**ENTRIES SUPPLIED:**
════

(* For all integers $m\ge 1$ and $v\ge 1$, the Gardner–Fisher sum satisfies $$S_{m,v}=\frac{1}{(2v-1)!}\sum_{n=0}^{v-1}\left(\frac{\pi}{m}\right)^{2n}s(v,n)\,\Gamma(2v-2n)\,\zeta(2v-2n)\left(1-\frac{1}{m^{2v-2n}}\right).$$
   Context: The Gardner–Fisher sum is $S_{m,v}=\left(\frac{\pi}{2m}\right)^{2v}\sum_{k=1}^{m-1}\cos^{-2v}\!\left(\frac{k\pi}{2m}\right)=\left(\frac{\pi}{2m}\right)^{2v}\sum_{k=1}^{m-1}\sin^{-2v}\!\left(\frac{k\pi}{2m}\right)$ (empty sum $=0$). For integers $v\ge1$ and $0\le n\le v-1$, $s(v,n)$ denotes the $n$-th elementary symmetric polynomial evaluated at the $v-1$ numbers $1^2,2^2,\dots,(v-1)^2$, i.e. $s(v,n)=\sum_{1\le i_1<\dots<i_n\le v-1} i_1^2i_2^2\cdots i_n^2$, with $s(v,0)=1$. $\zeta$ is the Riemann zeta function. *)

From Stdlib Require Import Reals List Arith ClassicalEpsilon.
Import ListNotations.
Open Scope R_scope.

Fixpoint sumR (l : list nat) (f : nat -> R) : R :=
  match l with
  | [] => 0
  | x :: l' => f x + sumR l' f
  end.

Fixpoint esym (l : list R) (n : nat) : R :=
  match l, n with
  | _, O => 1
  | [], S _ => 0
  | x :: l', S n' => esym l' (S n') + x * esym l' n'
  end.

Definition s_coef (v n : nat) : R :=
  esym (map (fun i => INR i ^ 2) (seq 1 (v - 1))) n.

(* Riemann zeta at a natural argument s (meaningful for s >= 2):
   the sum of the series sum_{n>=1} 1/n^s. *)
Definition zeta (s : nat) : R :=
  epsilon (inhabits 0) (fun l => infinite_sum (fun n => / (INR (n + 1)) ^ s) l).
(* Let $E\in M_n(\mathbb{FT})$ be an idempotent of rank $n$, let $A$ be in the $\mathcal H$-class of $E$ in $M_n(\mathbb{FT})$, and let $\phi_A:\mathbb{R}^n\to\mathbb{R}^n$ be $x\mapsto A\otimes x$. Regarding $C(E)$ as a subset of $\mathbb{R}^n$ with the usual topology: (i) $\phi_A$ maps interior points of $C(E)$ to interior points of $C(E)$; (ii) $\phi_A$ maps boundary points of $C(E)$ to boundary points of $C(E)$; (iii) $\phi_A$ maps every point not in $C(E)$ to a boundary point of $C(E)$. Dually, right multiplication $x\mapsto x\otimes A$ (for row vectors $x$) induces an $\mathbb{FT}$-module automorphism of $R(E)$ mapping interior points of $R(E)$ to interior points and boundary points to boundary points.
   Context: $\mathbb{FT}$ is $\mathbb{R}$ with $a\oplus b=\max(a,b)$, $a\otimes b=a+b$; $M_n(\mathbb{FT})$ is the semigroup of real $n\times n$ matrices under $(A\otimes B)_{i,j}=\max_k(A_{i,k}+B_{k,j})$, acting on column vectors by $(A\otimes x)_i=\max_k(A_{i,k}+x_k)$ and on row vectors by $(x\otimes A)_j=\max_k(x_k+A_{k,j})$. $C(E)$ (resp. $R(E)$) is the set of finite componentwise maxima of columns (resp. rows) of $E$ shifted by real constants; these are $\mathbb{FT}$-modules under componentwise max and adding constants. The rank of an idempotent $E$ is the minimal cardinality of a generating set of $C(E)$. Green's relations: $a\,\mathcal{R}\,b$ iff $aS^1=bS^1$, $a\,\mathcal{L}\,b$ iff $S^1a=S^1b$, $\mathcal{H}=\mathcal{L}\cap\mathcal{R}$. *)

From HB Require Import structures.
From mathcomp Require Import all_boot all_order all_algebra.
From mathcomp Require Import all_classical all_reals topology normedtype.
Set Implicit Arguments. Unset Strict Implicit. Unset Printing Implicit Defensive.
Import Order.TTheory GRing.Theory Num.Theory.
Import numFieldNormedType.Exports.
Local Open Scope ring_scope.
Local Open Scope classical_set_scope.

Section Tropical.
Variable R : realType.

(* maximum of a finite family (0 on an empty index type, never used
   for a nonempty family) *)
Definition tsum k (f : 'I_k -> R) : R :=
  match [pick i : 'I_k] with
  | Some i0 => \big[Num.max/f i0]_(i < k) f i
  | None => 0
  end.

Definition tmx m k p (A : 'M[R]_(m, k)) (B : 'M[R]_(k, p)) : 'M[R]_(m, p) :=
  \matrix_(i, j) tsum (fun l => A i l + B l j).

Definition is_max_of (I : finType) (v : R) (J : {set I}) (f : I -> R) :=
  (exists2 j, j \in J & v = f j) /\ (forall j, j \in J -> f j <= v).

Definition tspan m p k (g : 'I_k -> 'M[R]_(m, p)) : set 'M[R]_(m, p) :=
  [set x | exists (J : {set 'I_k}) (c : 'I_k -> R),
     forall i j, is_max_of (x i j) J (fun l => g l i j + c l)].

Definition colsp n (E : 'M[R]_n) : set 'cV[R]_n := tspan (fun j => col j E).
Definition rowsp n (E : 'M[R]_n) : set 'rV[R]_n := tspan (fun i => row i E).

Definition generates m p (M : set 'M[R]_(m, p)) (s : seq 'M[R]_(m, p)) :=
  tspan (fun l : 'I_(size s) => nth 0 s l) = M.

Definition has_rank_mod m p (M : set 'M[R]_(m, p)) (r : nat) :=
  (exists s, [/\ uniq s, size s = r & generates M s]) /\
  (forall s, uniq s -> generates M s -> (r <= size s)%N).

Definition tidempotent n (E : 'M[R]_n) := tmx E E = E.

Definition has_rank n (E : 'M[R]_n) (r : nat) := has_rank_mod (colsp E) r.

(* principal one-sided ideals in S^1 for S = M_n(FT) *)
Definition rideal n (A : 'M[R]_n) : set 'M[R]_n :=
  [set B | B = A \/ exists X, B = tmx A X].
Definition lideal n (A : 'M[R]_n) : set 'M[R]_n :=
  [set B | B = A \/ exists X, B = tmx X A].

Definition Rrel n (A B : 'M[R]_n) := rideal A = rideal B.
Definition Lrel n (A B : 'M[R]_n) := lideal A = lideal B.
Definition Hrel n (A B : 'M[R]_n) := Rrel A B /\ Lrel A B.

════

**WHAT IS EXPECTED:** Copy all the entries exactly.

**ANSWER AREA:**
(* For all integers $m\ge 1$ and $v\ge 1$, the Gardner–Fisher sum satisfies $$S_{m,v}=\frac{1}{(2v-1)!}\sum_{n=0}^{v-1}\left(\frac{\pi}{m}\right)^{2n}s(v,n)\,\Gamma(2v-2n)\,\zeta(2v-2n)\left(1-\frac{1}{m^{2v-2n}}\right).$$
   Context: The Gardner–Fisher sum is $S_{m,v}=\left(\frac{\pi}{2m}\right)^{2v}\sum_{k=1}^{m-1}\cos^{-2v}\!\left(\frac{k\pi}{2m}\right)=\left(\frac{\pi}{2m}\right)^{2v}\sum_{k=1}^{m-1}\sin^{-2v}\!\left(\frac{k\pi}{2m}\right)$ (empty sum $=0$). For integers $v\ge1$ and $0\le n\le v-1$, $s(v,n)$ denotes the $n$-th elementary symmetric polynomial evaluated at the $v-1$ numbers $1^2,2^2,\dots,(v-1)^2$, i.e. $s(v,n)=\sum_{1\le i_1<\dots<i_n\le v-1} i_1^2i_2^2\cdots i_n^2$, with $s(v,0)=1$. $\zeta$ is the Riemann zeta function. *)

From Stdlib Require Import Reals List Arith ClassicalEpsilon.
Import ListNotations.
Open Scope R_scope.

Fixpoint sumR (l : list nat) (f : nat -> R) : R :=
  match l with
  | [] => 0
  | x :: l' => f x + sumR l' f
  end.

Fixpoint esym (l : list R) (n : nat) : R :=
  match l, n with
  | _, O => 1
  | [], S _ => 0
  | x :: l', S n' => esym l' (S n') + x * esym l' n'
  end.

Definition s_coef (v n : nat) : R :=
  esym (map (fun i => INR i ^ 2) (seq 1 (v - 1))) n.

(* Riemann zeta at a natural argument s (meaningful for s >= 2):
   the sum of the series sum_{n>=1} 1/n^s. *)
Definition zeta (s : nat) : R :=
  epsilon (inhabits 0) (fun l => infinite_sum (fun n => / (INR (n + 1)) ^ s) l).
(* Let $E\in M_n(\mathbb{FT})$ be an idempotent of rank $n$, let $A$ be in the $\mathcal H$-class of $E$ in $M_n(\mathbb{FT})$, and let $\phi_A:\mathbb{R}^n\to\mathbb{R}^n$ be $x\mapsto A\otimes x$. Regarding $C(E)$ as a subset of $\mathbb{R}^n$ with the usual topology: (i) $\phi_A$ maps interior points of $C(E)$ to interior points of $C(E)$; (ii) $\phi_A$ maps boundary points of $C(E)$ to boundary points of $C(E)$; (iii) $\phi_A$ maps every point not in $C(E)$ to a boundary point of $C(E)$. Dually, right multiplication $x\mapsto x\otimes A$ (for row vectors $x$) induces an $\mathbb{FT}$-module automorphism of $R(E)$ mapping interior points of $R(E)$ to interior points and boundary points to boundary points.
   Context: $\mathbb{FT}$ is $\mathbb{R}$ with $a\oplus b=\max(a,b)$, $a\otimes b=a+b$; $M_n(\mathbb{FT})$ is the semigroup of real $n\times n$ matrices under $(A\otimes B)_{i,j}=\max_k(A_{i,k}+B_{k,j})$, acting on column vectors by $(A\otimes x)_i=\max_k(A_{i,k}+x_k)$ and on row vectors by $(x\otimes A)_j=\max_k(x_k+A_{k,j})$. $C(E)$ (resp. $R(E)$) is the set of finite componentwise maxima of columns (resp. rows) of $E$ shifted by real constants; these are $\mathbb{FT}$-modules under componentwise max and adding constants. The rank of an idempotent $E$ is the minimal cardinality of a generating set of $C(E)$. Green's relations: $a\,\mathcal{R}\,b$ iff $aS^1=bS^1$, $a\,\mathcal{L}\,b$ iff $S^1a=S^1b$, $\mathcal{H}=\mathcal{L}\cap\mathcal{R}$. *)

From HB Require Import structures.
From mathcomp Require Import all_boot all_order all_algebra.
From mathcomp Require Import all_classical all_reals topology normedtype.
Set Implicit Arguments. Unset Strict Implicit. Unset Printing Implicit Defensive.
Import Order.TTheory GRing.Theory Num.Theory.
Import numFieldNormedType.Exports.
Local Open Scope ring_scope.
Local Open Scope classical_set_scope.

Section Tropical.
Variable R : realType.

(* maximum of a finite family (0 on an empty index type, never used
   for a nonempty family) *)
Definition tsum k (f : 'I_k -> R) : R :=
  match [pick i : 'I_k] with
  | Some i0 => \big[Num.max/f i0]_(i < k) f i
  | None => 0
  end.

Definition tmx m k p (A : 'M[R]_(m, k)) (B : 'M[R]_(k, p)) : 'M[R]_(m, p) :=
  \matrix_(i, j) tsum (fun l => A i l + B l j).

Definition is_max_of (I : finType) (v : R) (J : {set I}) (f : I -> R) :=
  (exists2 j, j \in J & v = f j) /\ (forall j, j \in J -> f j <= v).

Definition tspan m p k (g : 'I_k -> 'M[R]_(m, p)) : set 'M[R]_(m, p) :=
  [set x | exists (J : {set 'I_k}) (c : 'I_k -> R),
     forall i j, is_max_of (x i j) J (fun l => g l i j + c l)].

Definition colsp n (E : 'M[R]_n) : set 'cV[R]_n := tspan (fun j => col j E).
Definition rowsp n (E : 'M[R]_n) : set 'rV[R]_n := tspan (fun i => row i E).

Definition generates m p (M : set 'M[R]_(m, p)) (s : seq 'M[R]_(m, p)) :=
  tspan (fun l : 'I_(size s) => nth 0 s l) = M.

Definition has_rank_mod m p (M : set 'M[R]_(m, p)) (r : nat) :=
  (exists s, [/\ uniq s, size s = r & generates M s]) /\
  (forall s, uniq s -> generates M s -> (r <= size s)%N).

Definition tidempotent n (E : 'M[R]_n) := tmx E E = E.

Definition has_rank n (E : 'M[R]_n) (r : nat) := has_rank_mod (colsp E) r.

(* principal one-sided ideals in S^1 for S = M_n(FT) *)
Definition rideal n (A : 'M[R]_n) : set 'M[R]_n :=
  [set B | B = A \/ exists X, B = tmx A X].
Definition lideal n (A : 'M[R]_n) : set 'M[R]_n :=
  [set B | B = A \/ exists X, B = tmx X A].

Definition Rrel n (A B : 'M[R]_n) := rideal A = rideal B.
Definition Lrel n (A B : 'M[R]_n) := lideal A = lideal B.
Definition Hrel n (A B : 'M[R]_n) := Rrel A B /\ Lrel A B.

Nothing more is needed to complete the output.